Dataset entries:
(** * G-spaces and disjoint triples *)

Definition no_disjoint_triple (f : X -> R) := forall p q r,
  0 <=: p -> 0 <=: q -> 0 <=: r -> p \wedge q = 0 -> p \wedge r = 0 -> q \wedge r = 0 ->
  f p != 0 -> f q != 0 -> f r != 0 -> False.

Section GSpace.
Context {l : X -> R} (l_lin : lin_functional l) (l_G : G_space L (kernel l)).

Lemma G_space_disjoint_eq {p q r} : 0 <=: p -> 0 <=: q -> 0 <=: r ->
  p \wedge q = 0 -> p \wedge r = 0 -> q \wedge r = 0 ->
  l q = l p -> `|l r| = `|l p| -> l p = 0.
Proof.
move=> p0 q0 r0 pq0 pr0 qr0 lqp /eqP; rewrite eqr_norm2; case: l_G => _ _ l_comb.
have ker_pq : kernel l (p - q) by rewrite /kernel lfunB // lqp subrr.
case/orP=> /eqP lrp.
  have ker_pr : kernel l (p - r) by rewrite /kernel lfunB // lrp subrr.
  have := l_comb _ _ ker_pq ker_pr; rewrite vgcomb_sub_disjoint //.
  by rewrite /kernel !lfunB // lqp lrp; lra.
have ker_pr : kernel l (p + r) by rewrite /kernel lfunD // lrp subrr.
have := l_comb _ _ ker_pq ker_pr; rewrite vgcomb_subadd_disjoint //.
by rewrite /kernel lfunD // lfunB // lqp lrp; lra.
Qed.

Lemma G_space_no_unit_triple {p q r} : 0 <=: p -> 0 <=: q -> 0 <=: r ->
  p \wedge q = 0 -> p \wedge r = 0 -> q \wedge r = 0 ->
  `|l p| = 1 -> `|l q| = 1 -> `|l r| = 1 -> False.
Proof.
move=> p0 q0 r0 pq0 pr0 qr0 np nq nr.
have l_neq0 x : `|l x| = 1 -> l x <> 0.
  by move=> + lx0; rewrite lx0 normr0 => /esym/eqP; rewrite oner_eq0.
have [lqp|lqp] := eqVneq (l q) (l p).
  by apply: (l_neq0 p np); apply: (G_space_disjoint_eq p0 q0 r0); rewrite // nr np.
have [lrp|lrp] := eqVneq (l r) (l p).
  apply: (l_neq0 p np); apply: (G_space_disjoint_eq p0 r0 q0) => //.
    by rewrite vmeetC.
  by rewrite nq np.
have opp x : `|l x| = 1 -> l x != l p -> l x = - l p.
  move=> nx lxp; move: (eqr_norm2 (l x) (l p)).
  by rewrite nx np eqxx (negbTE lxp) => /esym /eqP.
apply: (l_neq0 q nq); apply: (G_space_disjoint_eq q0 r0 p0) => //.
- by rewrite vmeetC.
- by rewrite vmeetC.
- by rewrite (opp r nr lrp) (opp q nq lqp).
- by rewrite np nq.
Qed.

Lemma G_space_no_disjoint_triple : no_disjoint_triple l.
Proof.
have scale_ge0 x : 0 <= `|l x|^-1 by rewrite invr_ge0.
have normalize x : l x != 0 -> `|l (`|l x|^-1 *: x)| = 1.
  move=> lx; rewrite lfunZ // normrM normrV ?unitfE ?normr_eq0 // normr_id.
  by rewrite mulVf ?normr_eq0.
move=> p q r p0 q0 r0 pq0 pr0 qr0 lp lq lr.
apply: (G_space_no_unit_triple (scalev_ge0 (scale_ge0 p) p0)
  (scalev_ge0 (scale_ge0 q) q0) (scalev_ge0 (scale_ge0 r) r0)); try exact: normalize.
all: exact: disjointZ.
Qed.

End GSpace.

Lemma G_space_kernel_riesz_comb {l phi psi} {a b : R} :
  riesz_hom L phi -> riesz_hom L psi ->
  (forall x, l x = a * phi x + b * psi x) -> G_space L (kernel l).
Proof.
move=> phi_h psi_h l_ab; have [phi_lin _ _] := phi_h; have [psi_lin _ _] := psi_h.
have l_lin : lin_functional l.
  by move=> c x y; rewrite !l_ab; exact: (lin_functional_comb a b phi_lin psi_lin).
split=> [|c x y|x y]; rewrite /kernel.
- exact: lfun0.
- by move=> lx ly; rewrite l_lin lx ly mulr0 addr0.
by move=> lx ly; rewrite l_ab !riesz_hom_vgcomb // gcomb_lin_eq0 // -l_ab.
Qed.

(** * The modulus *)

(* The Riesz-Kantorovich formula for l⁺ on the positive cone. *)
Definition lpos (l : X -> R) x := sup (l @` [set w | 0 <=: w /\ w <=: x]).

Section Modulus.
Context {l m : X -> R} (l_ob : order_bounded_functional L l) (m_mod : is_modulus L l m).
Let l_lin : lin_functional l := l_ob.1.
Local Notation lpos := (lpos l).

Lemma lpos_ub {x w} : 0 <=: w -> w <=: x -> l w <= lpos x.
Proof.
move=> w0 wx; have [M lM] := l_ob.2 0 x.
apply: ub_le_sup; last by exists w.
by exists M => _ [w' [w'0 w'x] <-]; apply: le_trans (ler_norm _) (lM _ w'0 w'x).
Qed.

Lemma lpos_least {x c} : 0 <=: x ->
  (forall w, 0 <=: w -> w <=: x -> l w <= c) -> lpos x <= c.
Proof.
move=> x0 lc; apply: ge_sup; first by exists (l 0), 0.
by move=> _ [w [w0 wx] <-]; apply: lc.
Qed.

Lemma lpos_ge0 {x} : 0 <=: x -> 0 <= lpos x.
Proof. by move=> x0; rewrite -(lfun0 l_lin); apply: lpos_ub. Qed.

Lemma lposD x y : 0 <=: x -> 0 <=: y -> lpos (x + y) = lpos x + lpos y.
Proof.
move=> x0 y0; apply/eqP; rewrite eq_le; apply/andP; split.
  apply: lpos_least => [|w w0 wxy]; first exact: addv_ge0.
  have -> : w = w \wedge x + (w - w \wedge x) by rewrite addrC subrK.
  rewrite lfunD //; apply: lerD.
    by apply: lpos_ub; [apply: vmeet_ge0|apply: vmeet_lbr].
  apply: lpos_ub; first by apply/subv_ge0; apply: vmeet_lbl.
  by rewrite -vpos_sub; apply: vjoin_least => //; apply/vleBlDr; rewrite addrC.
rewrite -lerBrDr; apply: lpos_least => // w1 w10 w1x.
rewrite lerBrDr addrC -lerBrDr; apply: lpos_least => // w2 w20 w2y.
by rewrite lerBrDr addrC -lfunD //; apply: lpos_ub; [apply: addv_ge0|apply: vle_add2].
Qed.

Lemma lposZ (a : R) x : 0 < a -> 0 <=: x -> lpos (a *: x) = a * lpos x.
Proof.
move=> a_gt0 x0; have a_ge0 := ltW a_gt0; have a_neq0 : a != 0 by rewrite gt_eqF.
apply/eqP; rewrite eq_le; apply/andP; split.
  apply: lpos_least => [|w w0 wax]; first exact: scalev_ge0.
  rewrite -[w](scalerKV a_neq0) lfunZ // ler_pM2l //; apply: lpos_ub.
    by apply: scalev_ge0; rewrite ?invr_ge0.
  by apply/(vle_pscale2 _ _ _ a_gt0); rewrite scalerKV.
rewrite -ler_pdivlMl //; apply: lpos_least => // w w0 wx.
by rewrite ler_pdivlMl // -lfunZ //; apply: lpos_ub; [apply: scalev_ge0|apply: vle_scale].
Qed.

**Task objective**
A single number is the answer here: how many lines above carry the string "split"?

**Output for this exercise**
3